Task goal:
Your answer should be the exact lines of the data below from the one containing "Lemma U1_by_attack (s1" through the one containing "move=> s1_sum1; rewrite /U2 /U1."; please include nothing else.

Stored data
###

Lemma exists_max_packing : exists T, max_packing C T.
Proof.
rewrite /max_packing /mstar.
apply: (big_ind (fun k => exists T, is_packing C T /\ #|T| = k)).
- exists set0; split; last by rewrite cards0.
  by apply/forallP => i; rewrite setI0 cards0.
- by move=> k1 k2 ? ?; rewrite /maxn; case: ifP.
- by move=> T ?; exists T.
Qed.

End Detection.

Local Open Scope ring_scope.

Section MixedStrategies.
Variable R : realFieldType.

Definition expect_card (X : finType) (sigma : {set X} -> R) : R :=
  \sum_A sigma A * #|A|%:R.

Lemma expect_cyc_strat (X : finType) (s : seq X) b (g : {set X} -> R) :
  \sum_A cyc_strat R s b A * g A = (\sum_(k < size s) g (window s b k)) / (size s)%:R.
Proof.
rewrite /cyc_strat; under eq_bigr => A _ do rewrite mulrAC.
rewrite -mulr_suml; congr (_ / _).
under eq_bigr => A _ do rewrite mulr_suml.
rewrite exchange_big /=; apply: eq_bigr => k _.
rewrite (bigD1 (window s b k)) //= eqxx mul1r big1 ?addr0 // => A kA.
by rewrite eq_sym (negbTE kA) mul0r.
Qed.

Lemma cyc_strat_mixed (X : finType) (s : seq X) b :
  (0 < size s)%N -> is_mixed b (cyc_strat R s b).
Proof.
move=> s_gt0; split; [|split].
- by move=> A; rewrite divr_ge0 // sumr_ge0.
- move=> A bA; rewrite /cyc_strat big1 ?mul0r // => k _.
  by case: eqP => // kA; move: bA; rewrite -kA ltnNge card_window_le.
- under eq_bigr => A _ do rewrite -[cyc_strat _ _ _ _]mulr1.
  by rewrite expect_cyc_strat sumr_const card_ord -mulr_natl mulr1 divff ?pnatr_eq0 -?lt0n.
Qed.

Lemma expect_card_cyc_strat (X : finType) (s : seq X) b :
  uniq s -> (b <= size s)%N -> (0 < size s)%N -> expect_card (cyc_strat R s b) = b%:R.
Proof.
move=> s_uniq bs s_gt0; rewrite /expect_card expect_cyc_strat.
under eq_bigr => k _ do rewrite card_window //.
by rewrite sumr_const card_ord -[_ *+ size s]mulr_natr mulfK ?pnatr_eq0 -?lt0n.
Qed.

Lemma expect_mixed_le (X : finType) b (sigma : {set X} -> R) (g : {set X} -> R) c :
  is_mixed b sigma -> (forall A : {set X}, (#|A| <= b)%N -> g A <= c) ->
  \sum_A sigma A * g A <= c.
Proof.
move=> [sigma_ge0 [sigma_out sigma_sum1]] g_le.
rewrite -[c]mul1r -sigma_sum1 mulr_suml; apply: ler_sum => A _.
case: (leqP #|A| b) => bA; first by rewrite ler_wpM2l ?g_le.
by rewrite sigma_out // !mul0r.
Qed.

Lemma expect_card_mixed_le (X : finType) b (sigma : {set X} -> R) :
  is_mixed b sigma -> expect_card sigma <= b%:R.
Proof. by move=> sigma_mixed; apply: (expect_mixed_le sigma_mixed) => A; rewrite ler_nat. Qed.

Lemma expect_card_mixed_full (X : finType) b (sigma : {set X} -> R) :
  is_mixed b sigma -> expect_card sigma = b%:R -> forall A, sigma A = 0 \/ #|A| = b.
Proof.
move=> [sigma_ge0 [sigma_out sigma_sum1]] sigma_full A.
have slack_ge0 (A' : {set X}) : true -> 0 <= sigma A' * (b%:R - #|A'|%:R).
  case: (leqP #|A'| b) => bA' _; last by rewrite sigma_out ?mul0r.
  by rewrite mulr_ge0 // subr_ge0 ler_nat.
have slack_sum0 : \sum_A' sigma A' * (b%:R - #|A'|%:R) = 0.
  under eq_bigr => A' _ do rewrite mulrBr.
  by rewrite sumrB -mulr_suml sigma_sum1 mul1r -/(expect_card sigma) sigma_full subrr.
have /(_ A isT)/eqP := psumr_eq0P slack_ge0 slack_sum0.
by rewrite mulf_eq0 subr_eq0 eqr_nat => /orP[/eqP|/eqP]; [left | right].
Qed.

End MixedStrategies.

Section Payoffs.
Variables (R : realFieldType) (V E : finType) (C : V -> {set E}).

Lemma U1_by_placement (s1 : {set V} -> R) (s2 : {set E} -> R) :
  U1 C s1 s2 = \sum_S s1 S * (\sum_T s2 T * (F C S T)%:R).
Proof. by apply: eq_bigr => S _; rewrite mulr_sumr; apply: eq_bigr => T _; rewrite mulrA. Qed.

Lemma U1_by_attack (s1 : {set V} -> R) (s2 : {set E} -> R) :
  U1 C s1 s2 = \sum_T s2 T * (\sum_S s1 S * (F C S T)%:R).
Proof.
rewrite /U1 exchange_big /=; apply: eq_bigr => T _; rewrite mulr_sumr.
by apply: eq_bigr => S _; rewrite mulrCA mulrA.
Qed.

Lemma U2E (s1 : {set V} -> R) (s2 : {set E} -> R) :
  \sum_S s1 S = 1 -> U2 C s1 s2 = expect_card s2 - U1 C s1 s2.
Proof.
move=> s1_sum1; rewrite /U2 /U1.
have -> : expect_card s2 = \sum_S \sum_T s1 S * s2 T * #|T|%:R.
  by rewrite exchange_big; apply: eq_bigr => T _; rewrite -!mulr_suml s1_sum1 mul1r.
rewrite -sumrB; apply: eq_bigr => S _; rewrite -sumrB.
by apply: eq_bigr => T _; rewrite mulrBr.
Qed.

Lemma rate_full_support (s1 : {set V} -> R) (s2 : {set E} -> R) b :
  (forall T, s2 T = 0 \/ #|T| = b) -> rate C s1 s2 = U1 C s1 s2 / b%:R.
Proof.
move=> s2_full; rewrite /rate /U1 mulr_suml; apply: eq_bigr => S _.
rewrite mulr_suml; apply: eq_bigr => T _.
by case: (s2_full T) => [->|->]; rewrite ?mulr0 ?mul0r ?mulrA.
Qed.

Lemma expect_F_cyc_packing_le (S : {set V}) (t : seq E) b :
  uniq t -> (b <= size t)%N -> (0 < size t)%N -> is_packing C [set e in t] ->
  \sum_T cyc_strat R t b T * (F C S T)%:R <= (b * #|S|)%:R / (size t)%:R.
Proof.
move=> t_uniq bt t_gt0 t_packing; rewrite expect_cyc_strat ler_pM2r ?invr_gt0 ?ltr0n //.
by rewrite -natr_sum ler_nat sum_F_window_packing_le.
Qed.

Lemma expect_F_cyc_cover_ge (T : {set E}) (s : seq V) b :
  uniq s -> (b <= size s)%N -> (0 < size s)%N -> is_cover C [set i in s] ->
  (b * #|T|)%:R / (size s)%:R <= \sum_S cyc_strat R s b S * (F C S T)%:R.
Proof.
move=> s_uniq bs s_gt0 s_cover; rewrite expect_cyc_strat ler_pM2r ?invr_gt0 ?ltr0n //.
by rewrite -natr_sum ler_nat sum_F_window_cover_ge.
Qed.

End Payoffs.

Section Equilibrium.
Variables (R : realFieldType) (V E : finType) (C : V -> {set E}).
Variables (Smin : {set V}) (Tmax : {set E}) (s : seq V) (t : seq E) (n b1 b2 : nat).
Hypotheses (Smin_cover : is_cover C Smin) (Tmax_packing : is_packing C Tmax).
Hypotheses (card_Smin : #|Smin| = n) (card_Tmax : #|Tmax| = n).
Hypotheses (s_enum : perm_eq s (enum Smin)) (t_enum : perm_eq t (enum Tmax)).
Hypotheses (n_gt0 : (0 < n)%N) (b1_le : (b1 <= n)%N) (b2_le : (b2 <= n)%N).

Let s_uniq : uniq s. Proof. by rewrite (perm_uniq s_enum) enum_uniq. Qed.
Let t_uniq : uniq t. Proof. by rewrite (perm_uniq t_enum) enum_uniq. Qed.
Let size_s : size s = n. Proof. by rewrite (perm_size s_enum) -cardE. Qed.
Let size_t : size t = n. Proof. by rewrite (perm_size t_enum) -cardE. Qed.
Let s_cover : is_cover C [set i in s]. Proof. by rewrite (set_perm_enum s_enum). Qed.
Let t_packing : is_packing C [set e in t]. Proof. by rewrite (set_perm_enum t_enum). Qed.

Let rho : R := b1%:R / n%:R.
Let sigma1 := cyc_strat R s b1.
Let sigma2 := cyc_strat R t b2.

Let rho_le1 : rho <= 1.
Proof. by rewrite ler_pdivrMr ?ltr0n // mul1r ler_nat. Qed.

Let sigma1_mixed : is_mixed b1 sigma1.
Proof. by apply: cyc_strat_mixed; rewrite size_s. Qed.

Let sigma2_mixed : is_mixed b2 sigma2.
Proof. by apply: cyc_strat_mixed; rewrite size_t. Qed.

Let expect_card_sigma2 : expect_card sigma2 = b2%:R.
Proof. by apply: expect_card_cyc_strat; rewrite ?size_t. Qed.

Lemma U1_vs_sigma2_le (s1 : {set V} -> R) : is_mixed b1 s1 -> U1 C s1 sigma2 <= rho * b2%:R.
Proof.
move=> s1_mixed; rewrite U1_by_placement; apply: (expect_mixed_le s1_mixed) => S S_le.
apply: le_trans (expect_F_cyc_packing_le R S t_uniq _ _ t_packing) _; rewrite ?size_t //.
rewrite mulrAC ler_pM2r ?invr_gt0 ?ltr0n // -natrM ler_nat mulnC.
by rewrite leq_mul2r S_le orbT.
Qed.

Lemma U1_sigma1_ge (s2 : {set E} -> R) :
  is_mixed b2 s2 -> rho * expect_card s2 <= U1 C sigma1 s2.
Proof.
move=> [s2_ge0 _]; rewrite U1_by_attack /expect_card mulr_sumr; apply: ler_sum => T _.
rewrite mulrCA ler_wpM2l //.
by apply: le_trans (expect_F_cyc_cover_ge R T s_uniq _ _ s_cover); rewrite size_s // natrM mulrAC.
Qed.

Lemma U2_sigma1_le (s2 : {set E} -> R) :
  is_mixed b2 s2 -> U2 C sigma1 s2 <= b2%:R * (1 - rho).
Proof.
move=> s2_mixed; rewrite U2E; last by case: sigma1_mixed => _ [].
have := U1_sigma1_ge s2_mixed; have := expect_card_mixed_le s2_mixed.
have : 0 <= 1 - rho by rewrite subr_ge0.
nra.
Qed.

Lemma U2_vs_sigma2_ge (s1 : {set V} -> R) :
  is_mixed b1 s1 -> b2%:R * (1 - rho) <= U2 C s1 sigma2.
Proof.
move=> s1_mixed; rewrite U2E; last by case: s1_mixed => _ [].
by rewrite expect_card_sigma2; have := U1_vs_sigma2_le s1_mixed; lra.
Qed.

###

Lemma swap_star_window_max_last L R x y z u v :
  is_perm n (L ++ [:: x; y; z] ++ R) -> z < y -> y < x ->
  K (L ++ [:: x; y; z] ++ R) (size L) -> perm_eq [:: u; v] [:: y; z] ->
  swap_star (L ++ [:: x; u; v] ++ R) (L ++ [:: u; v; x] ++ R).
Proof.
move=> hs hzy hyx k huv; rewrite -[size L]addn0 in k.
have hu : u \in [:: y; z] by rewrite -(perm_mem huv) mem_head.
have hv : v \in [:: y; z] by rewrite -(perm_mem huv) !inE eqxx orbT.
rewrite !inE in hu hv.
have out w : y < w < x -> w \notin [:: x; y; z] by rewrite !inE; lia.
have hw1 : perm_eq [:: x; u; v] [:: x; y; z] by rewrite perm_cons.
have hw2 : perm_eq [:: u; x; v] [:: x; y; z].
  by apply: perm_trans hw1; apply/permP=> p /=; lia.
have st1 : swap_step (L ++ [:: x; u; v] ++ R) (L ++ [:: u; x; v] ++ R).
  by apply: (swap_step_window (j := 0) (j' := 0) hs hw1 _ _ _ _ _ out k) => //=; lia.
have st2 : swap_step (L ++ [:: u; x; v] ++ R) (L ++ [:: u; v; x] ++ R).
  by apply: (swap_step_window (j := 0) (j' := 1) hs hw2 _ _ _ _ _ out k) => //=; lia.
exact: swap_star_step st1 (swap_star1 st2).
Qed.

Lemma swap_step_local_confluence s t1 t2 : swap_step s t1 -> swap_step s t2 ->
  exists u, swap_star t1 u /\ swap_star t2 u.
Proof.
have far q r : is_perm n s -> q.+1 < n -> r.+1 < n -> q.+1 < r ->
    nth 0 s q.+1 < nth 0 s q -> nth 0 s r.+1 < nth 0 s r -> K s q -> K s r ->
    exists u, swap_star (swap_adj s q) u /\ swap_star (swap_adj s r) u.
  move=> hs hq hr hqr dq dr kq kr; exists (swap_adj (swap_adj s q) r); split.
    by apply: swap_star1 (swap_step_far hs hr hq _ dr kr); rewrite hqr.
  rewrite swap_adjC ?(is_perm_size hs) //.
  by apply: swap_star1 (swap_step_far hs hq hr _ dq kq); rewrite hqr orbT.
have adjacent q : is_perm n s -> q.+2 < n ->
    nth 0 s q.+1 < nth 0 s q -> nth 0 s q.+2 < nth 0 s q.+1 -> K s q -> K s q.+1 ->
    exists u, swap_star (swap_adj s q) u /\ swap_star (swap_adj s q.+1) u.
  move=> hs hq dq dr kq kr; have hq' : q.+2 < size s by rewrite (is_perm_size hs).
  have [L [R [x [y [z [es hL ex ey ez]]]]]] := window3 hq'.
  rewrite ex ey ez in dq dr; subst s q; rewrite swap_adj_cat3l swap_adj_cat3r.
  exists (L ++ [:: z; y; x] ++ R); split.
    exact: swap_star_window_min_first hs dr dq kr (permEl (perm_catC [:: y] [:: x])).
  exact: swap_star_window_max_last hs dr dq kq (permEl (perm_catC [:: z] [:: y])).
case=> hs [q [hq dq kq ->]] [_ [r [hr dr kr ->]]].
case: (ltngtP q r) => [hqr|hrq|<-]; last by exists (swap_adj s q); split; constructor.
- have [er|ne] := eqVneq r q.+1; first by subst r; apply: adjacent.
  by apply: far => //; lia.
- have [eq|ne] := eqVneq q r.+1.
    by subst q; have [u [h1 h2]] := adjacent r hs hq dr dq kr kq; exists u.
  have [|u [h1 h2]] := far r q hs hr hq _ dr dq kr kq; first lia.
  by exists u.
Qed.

###

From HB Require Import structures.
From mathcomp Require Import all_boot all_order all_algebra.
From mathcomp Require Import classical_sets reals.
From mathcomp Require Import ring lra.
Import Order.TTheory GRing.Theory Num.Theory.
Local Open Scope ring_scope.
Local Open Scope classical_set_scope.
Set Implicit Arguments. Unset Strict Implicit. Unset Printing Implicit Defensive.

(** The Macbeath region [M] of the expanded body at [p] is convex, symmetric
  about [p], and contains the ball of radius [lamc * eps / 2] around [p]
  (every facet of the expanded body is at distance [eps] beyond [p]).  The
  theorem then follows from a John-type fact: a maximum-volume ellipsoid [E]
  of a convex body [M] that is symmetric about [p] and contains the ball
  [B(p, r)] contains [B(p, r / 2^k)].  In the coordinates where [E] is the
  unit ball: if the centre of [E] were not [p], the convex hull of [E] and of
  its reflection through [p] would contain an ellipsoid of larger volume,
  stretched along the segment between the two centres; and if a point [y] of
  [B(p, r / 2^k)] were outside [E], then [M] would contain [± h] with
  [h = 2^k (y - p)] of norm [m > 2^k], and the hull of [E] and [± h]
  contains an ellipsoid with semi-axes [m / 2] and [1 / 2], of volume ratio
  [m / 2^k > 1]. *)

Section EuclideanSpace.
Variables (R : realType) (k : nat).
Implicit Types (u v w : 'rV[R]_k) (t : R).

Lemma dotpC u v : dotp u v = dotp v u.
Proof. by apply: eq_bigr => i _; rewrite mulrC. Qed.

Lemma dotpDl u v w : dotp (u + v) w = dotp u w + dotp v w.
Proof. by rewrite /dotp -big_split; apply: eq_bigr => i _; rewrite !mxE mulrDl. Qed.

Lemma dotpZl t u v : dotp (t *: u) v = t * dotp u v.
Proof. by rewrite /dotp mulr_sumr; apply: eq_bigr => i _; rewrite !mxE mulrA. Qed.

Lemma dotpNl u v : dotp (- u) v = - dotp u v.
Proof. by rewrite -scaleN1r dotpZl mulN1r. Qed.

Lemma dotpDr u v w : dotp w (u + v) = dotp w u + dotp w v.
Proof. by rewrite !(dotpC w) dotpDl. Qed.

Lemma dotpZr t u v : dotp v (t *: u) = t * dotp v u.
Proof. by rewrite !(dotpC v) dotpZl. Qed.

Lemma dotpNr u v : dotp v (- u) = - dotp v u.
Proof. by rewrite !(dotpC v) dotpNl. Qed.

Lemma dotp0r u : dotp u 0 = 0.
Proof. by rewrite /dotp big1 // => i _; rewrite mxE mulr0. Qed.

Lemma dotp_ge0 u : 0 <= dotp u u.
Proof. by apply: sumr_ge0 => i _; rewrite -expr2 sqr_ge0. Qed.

###

Exercise solution:
Lemma U1_by_attack (s1 : {set V} -> R) (s2 : {set E} -> R) :
  U1 C s1 s2 = \sum_T s2 T * (\sum_S s1 S * (F C S T)%:R).
Proof.
rewrite /U1 exchange_big /=; apply: eq_bigr => T _; rewrite mulr_sumr.
by apply: eq_bigr => S _; rewrite mulrCA mulrA.
Qed.

Lemma U2E (s1 : {set V} -> R) (s2 : {set E} -> R) :
  \sum_S s1 S = 1 -> U2 C s1 s2 = expect_card s2 - U1 C s1 s2.
Proof.
move=> s1_sum1; rewrite /U2 /U1.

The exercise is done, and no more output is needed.